Task description:
Filter the data for "dependentA" and copy matching lines.

--- START ---

Lemma antiparallel_dconf (x y : E) : antiparallel x y -> dconf x y.
Proof.
move=> anti; rewrite /dconf anti orbT andbT.
apply: contraNneq (loopless x) => exy; case/andP: anti => /eqP -> _.
by rewrite exy.
Qed.

(* A directed forest has distinct targets and no directed 2-cycle. *)
Lemma directed_forest_indep (S : {set E}) :
  directed_forest s t S -> indep dconf S.
Proof.
case/andP => no_dicycle /forall_inP target_inj; apply/indepP => x y Sx Sy.
apply/negP => /andP [neq_xy /orP [same_t | anti]].
  move/forall_inP: (target_inj x Sx) => /(_ y Sy).
  by rewrite same_t (negbTE neq_xy).
move/negP: no_dicycle; apply; apply/existsP; exists [set s y; t y].
apply/existsP; exists [set y; x].
by rewrite dicycle_antiparallel // andbT subUset !sub1set Sx Sy.
Qed.

Lemma undominated_shape (A : {set E}) (g e h : E) :
  e \in A -> h \in A -> dconf g e -> dconf g h -> h != e -> ~~ dconf e h ->
  (exists2 a, a \in A & antiparallel a g) /\
  (exists2 k, k \in A & (t k == t g) && (s k != s g)).
Proof.
move=> Ae Ah /andP [_ conf_ge] /andP [_ conf_gh] he; rewrite /dconf eq_sym he /=.
case/orP: conf_ge => [/eqP te | /andP [/eqP se /eqP te]];
case/orP: conf_gh => [/eqP th | /andP [/eqP sh /eqP th]].
- by rewrite -te -th eqxx.
- move=> not_conf; split; first by exists h; rewrite // /antiparallel sh th !eqxx.
  exists e; rewrite // te eqxx; apply: contra not_conf => /eqP es.
  by rewrite /antiparallel es sh -te th !eqxx orbT.
- move=> not_conf; split; first by exists e; rewrite // /antiparallel se te !eqxx.
  exists h; rewrite // th eqxx; apply: contra not_conf => /eqP hs.
  by rewrite /antiparallel -th -se hs -te !eqxx orbT.
- by rewrite -se -sh eqxx.
Qed.

Definition in_conflict (A : {set E}) (k : E) : bool := [exists e in A, dconf k e].

(* When no conflict in A is dominated, any conflicting edge g can be preceded
   by a conflicting edge k entering s g but not coming from t g: take the
   antiparallel partner a of g, then an edge of A entering t a = s g from a
   vertex other than s a = t g. *)
Lemma backward_extension (A : {set E}) (g : E) :
  (forall g' e, g' \in A -> e \in A -> dconf g' e ->
     exists2 h, h \in A & [&& dconf g' h, h != e & ~~ dconf e h]) ->
  g \in A -> in_conflict A g ->
  exists2 k, (k \in A) && in_conflict A k & (t k == s g) && (s k != t g).
Proof.
move=> undominated Ag conflict_g.
have shape g' : g' \in A -> in_conflict A g' ->
    (exists2 a, a \in A & antiparallel a g') /\
    (exists2 k, k \in A & (t k == t g') && (s k != s g')).
  move=> Ag' /exists_inP [e Ae conf_e].
  case: (undominated g' e Ag' Ae conf_e) => h Ah /and3P [conf_h he not_conf].
  exact: undominated_shape Ae Ah conf_e conf_h he not_conf.
case: (shape g Ag conflict_g) => [[a Aa anti_ag] _].
case/andP: (anti_ag) => /eqP sa /eqP ta.
have conflict_a : in_conflict A a.
  by apply/exists_inP; exists g => //; apply: antiparallel_dconf.
case: (shape a Aa conflict_a) => [_ [k Ak /andP [/eqP tk sk]]].
exists k; last by rewrite tk ta -sa sk eqxx.
rewrite Ak; apply/exists_inP; exists a => //.
by rewrite /dconf tk eqxx andbT; apply: contraNneq sk => ->.
Qed.

End DirectedConflicts.

Section DirectedForests.
Variables (V E : finType) (s t : E -> V).
Hypothesis forest : multidiforest s t.

Lemma forest_loopless (e : E) : s e != t e.
Proof.
apply/eqP => loop_e; case: forest => no_loop _; move/negP: (no_loop (s e)); apply.
by apply/existsP; exists e; rewrite -loop_e !eqxx.
Qed.

(* A directed cycle inside a conflict-free set would give an infinite
   non-backtracking walk following out-edges: a backtrack is an antiparallel
   pair. *)
Lemma indep_no_dicycle (S : {set E}) (W : {set V}) (D : {set E}) :
  indep (dconf s t) S -> D \subset S -> ~~ is_dicycle s t W D.
Proof.
move=> /indepP indepS /subsetP DS; apply/negP.
case/and4P => /set0Pn [v0 Wv0] /forall_inP D_in_W /forall_inP W_deg _.
have out_edge v : v \in W -> exists2 e, e \in D & s e == v.
  move=> Wv; case/andP: (W_deg v Wv) => /cards1P [e out_v] _.
  by exists e; move: (set11 e); rewrite -out_v inE => /andP [].
have [e0 De0 _] := out_edge v0 Wv0.
have next_edge e : e \in D -> exists2 e', e' \in D & s e' == t e.
  by move=> De; apply: out_edge; case/andP: (D_in_W e De).
have [g walk] := finite_dependent_choice De0 next_edge.
apply: (forest_no_nonbacktracking_walk (w := fun i => s (g i)) forest).
  move=> i; case: (walk i) => _ /eqP ->.
  by apply/existsP; exists (g i); rewrite !eqxx.
move=> i; apply/eqP => back.
case: (walk i) (walk i.+1) => Dgi /eqP si [Dgi1 /eqP si1].
have anti : antiparallel s t (g i.+1) (g i).
  by rewrite /antiparallel si -back si1 !eqxx.
move: (indepS _ _ (DS _ Dgi1) (DS _ Dgi)).
by rewrite (antiparallel_dconf forest_loopless anti).
Qed.

Lemma indep_directed_forest (S : {set E}) :
  indep (dconf s t) S -> directed_forest s t S.
Proof.
move=> indepS; apply/andP; split.
  apply/existsPn => W; apply/existsPn => D; apply/negP => /andP [DS].
  by move=> cycle_WD; move/negP: (indep_no_dicycle W indepS DS); apply.
apply/forall_inP => x Sx; apply/forall_inP => y Sy; apply/implyP => same_t.
case: (eqVneq x y) => // neq_xy.
by move/indepP: indepS => /(_ x y Sx Sy); rewrite /dconf neq_xy same_t.
Qed.

Lemma DT_IC : DT s t = IC (dconf s t) [set: E].
Proof.
apply/setP => S; rewrite !inE subsetT; apply/idP/idP.
  exact/directed_forest_indep/forest_loopless.
exact: indep_directed_forest.
Qed.

(* Every dependent set of edges has a dominated conflict; otherwise
   backward_extension yields an infinite non-backtracking walk through the
   targets of the edges. *)
Lemma dconf_dominated (A : {set E}) :
  ~~ indep (dconf s t) A -> has_dominated_conflict (dconf s t) A.
Proof.
move=> dependentA.
case: (boolP [exists g, exists e, [&& g \in A, e \in A, dconf s t g e &
          [forall h in A, dconf s t g h ==> (h == e) || dconf s t e h]]]).
  case/existsP => g /existsP [e /and4P [Ag Ae conf_ge /forall_inP dom]].
  exists g, e; split => // h Ah conf_gh; move: (dom h Ah); rewrite conf_gh /=.
  by case/orP => [/eqP ->|]; [left | right].
move/existsPn => no_dominated; exfalso.
have undominated g e : g \in A -> e \in A -> dconf s t g e ->
    exists2 h, h \in A & [&& dconf s t g h, h != e & ~~ dconf s t e h].
  move=> Ag Ae conf_ge; move/existsPn: (no_dominated g) => /(_ e).
  rewrite Ag Ae conf_ge /= => /forall_inPn [h Ah].
  by rewrite negb_imply negb_or => ?; exists h.
have [g0 start] : exists g0, (g0 \in A) && in_conflict s t A g0.
  move/forall_inPn: dependentA => [x Ax /forall_inPn [y Ay]].
  by rewrite negbK => conf_xy; exists x; rewrite Ax; apply/exists_inP; exists y.
have extend g : (g \in A) && in_conflict s t A g ->
    exists2 k, (k \in A) && in_conflict s t A k & (t k == s g) && (s k != t g).
  case/andP => Ag conflict_g.
  exact: (backward_extension forest_loopless undominated Ag conflict_g).
have [g walk] := finite_dependent_choice
  (Q := fun k => (k \in A) && in_conflict s t A k) start extend.
apply: (forest_no_nonbacktracking_walk (w := fun i => t (g i)) forest).
  move=> i; case: (walk i) => _ /andP [/eqP tg _].
  by apply/existsP; exists (g i); rewrite tg !eqxx orbT.
move=> i; case: (walk i.+1) => _ /andP [/eqP -> _].
by case: (walk i) => _ /andP [].
Qed.

End DirectedForests.

Theorem theorem5p2 (V E : finType) (s t : E -> V) :
  multidiforest s t -> vertex_decomposable (DT s t).
Proof.
move=> forest; rewrite DT_IC //.
apply: IC_vertex_decomposable; [exact: dconf_sym | exact: dconf_irr |].
exact: dconf_dominated.
Qed.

--- END ---

Solution below:
move=> dependentA.
  move/forall_inPn: dependentA => [x Ax /forall_inPn [y Ay]].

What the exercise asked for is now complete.